RECORDS SHOWN:
──────────────────────────────
(* Let $K$ be a simplex in a topological vector space $F$ and let $Y$ be a nonempty convex subset of a topological vector space $E$. Let $T:K\to 2^{Y}$ be a weakly naturally quasiconvex correspondence. Then $T$ has a continuous selection on $K$, i.e. there is a continuous map $f:K\to Y$ with $f(x)\in T(x)$ for every $x\in K$.
   Context: A simplex is the convex hull of a finite affinely independent set. $\Delta_{n-1}=\{(\lambda_1,\dots,\lambda_n)\in\mathbb{R}^n:\sum_{i=1}^n\lambda_i=1,\ \lambda_i\ge 0\}$. Weakly naturally quasiconvex (WNQ): let $X,Y$ be nonempty convex subsets of topological vector spaces. A correspondence $T:X\to 2^{Y}$ is weakly naturally quasiconvex if for each $n\in\mathbb{N}$ and each finite set $\{x_1,\dots,x_n\}\subset X$ there exist $y_i\in T(x_i)$ ($i=1,\dots,n$) and a bijection $g:\Delta_{n-1}\to\Delta_{n-1}$ (depending on $x_1,\dots,x_n$) of the form $g(\lambda_1,\dots,\lambda_n)=(g_1(\lambda_1),\dots,g_n(\lambda_n))$, where each $g_i:[0,1]\to[0,1]$ is continuous with $g_i(0)=0$ and $g_i(1)=1$, such that for every $(\lambda_1,\dots,\lambda_n)\in\Delta_{n-1}$ we have $\sum_{i=1}^n g_i(\lambda_i)y_i\in T\big(\sum_{i=1}^n\lambda_i x_i\big)$. *)

From Stdlib Require Import Reals.
Open Scope R_scope.

Record TVS : Type := {
  tv :> Type;
  tzero : tv;
  tadd : tv -> tv -> tv;
  topp : tv -> tv;
  tscal : R -> tv -> tv;
  tadd_assoc : forall x y z, tadd x (tadd y z) = tadd (tadd x y) z;
  tadd_comm : forall x y, tadd x y = tadd y x;
  tadd_0 : forall x, tadd tzero x = x;
  tadd_opp : forall x, tadd (topp x) x = tzero;
  tscal_assoc : forall a b x, tscal a (tscal b x) = tscal (a * b) x;
  tscal_1 : forall x, tscal 1 x = x;
  tscal_distr_v : forall a x y, tscal a (tadd x y) = tadd (tscal a x) (tscal a y);
  tscal_distr_s : forall a b x, tscal (a + b) x = tadd (tscal a x) (tscal b x);
  topen : (tv -> Prop) -> Prop;
  topen_full : topen (fun _ => True);
  topen_inter : forall U V, topen U -> topen V -> topen (fun x => U x /\ V x);
  topen_union : forall (I : Type) (U : I -> tv -> Prop),
      (forall i, topen (U i)) -> topen (fun x => exists i, U i x);
  tadd_cont : forall x y U, topen U -> U (tadd x y) ->
      exists V W, topen V /\ topen W /\ V x /\ W y /\
        (forall a b, V a -> W b -> U (tadd a b));
  tscal_cont : forall r x U, topen U -> U (tscal r x) ->
      exists eps, 0 < eps /\ exists V, topen V /\ V x /\
        (forall s z, Rabs (s - r) < eps -> V z -> U (tscal s z));
  thausdorff : forall x y, x <> y ->
      exists U V, topen U /\ topen V /\ U x /\ V y /\ (forall z, ~ (U z /\ V z))
}.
──────────────────────────────
THE PROBLEM: A word-for-word copy of the data above is the goal, so set it all down again.

EXPECTED ANSWER:
(* Let $K$ be a simplex in a topological vector space $F$ and let $Y$ be a nonempty convex subset of a topological vector space $E$. Let $T:K\to 2^{Y}$ be a weakly naturally quasiconvex correspondence. Then $T$ has a continuous selection on $K$, i.e. there is a continuous map $f:K\to Y$ with $f(x)\in T(x)$ for every $x\in K$.
   Context: A simplex is the convex hull of a finite affinely independent set. $\Delta_{n-1}=\{(\lambda_1,\dots,\lambda_n)\in\mathbb{R}^n:\sum_{i=1}^n\lambda_i=1,\ \lambda_i\ge 0\}$. Weakly naturally quasiconvex (WNQ): let $X,Y$ be nonempty convex subsets of topological vector spaces. A correspondence $T:X\to 2^{Y}$ is weakly naturally quasiconvex if for each $n\in\mathbb{N}$ and each finite set $\{x_1,\dots,x_n\}\subset X$ there exist $y_i\in T(x_i)$ ($i=1,\dots,n$) and a bijection $g:\Delta_{n-1}\to\Delta_{n-1}$ (depending on $x_1,\dots,x_n$) of the form $g(\lambda_1,\dots,\lambda_n)=(g_1(\lambda_1),\dots,g_n(\lambda_n))$, where each $g_i:[0,1]\to[0,1]$ is continuous with $g_i(0)=0$ and $g_i(1)=1$, such that for every $(\lambda_1,\dots,\lambda_n)\in\Delta_{n-1}$ we have $\sum_{i=1}^n g_i(\lambda_i)y_i\in T\big(\sum_{i=1}^n\lambda_i x_i\big)$. *)

From Stdlib Require Import Reals.
Open Scope R_scope.

Record TVS : Type := {
  tv :> Type;
  tzero : tv;
  tadd : tv -> tv -> tv;
  topp : tv -> tv;
  tscal : R -> tv -> tv;
  tadd_assoc : forall x y z, tadd x (tadd y z) = tadd (tadd x y) z;
  tadd_comm : forall x y, tadd x y = tadd y x;
  tadd_0 : forall x, tadd tzero x = x;
  tadd_opp : forall x, tadd (topp x) x = tzero;
  tscal_assoc : forall a b x, tscal a (tscal b x) = tscal (a * b) x;
  tscal_1 : forall x, tscal 1 x = x;
  tscal_distr_v : forall a x y, tscal a (tadd x y) = tadd (tscal a x) (tscal a y);
  tscal_distr_s : forall a b x, tscal (a + b) x = tadd (tscal a x) (tscal b x);
  topen : (tv -> Prop) -> Prop;
  topen_full : topen (fun _ => True);
  topen_inter : forall U V, topen U -> topen V -> topen (fun x => U x /\ V x);
  topen_union : forall (I : Type) (U : I -> tv -> Prop),
      (forall i, topen (U i)) -> topen (fun x => exists i, U i x);
  tadd_cont : forall x y U, topen U -> U (tadd x y) ->
      exists V W, topen V /\ topen W /\ V x /\ W y /\
        (forall a b, V a -> W b -> U (tadd a b));
  tscal_cont : forall r x U, topen U -> U (tscal r x) ->
      exists eps, 0 < eps /\ exists V, topen V /\ V x /\
        (forall s z, Rabs (s - r) < eps -> V z -> U (tscal s z));
  thausdorff : forall x y, x <> y ->
      exists U V, topen U /\ topen V /\ U x /\ V y /\ (forall z, ~ (U z /\ V z))
}.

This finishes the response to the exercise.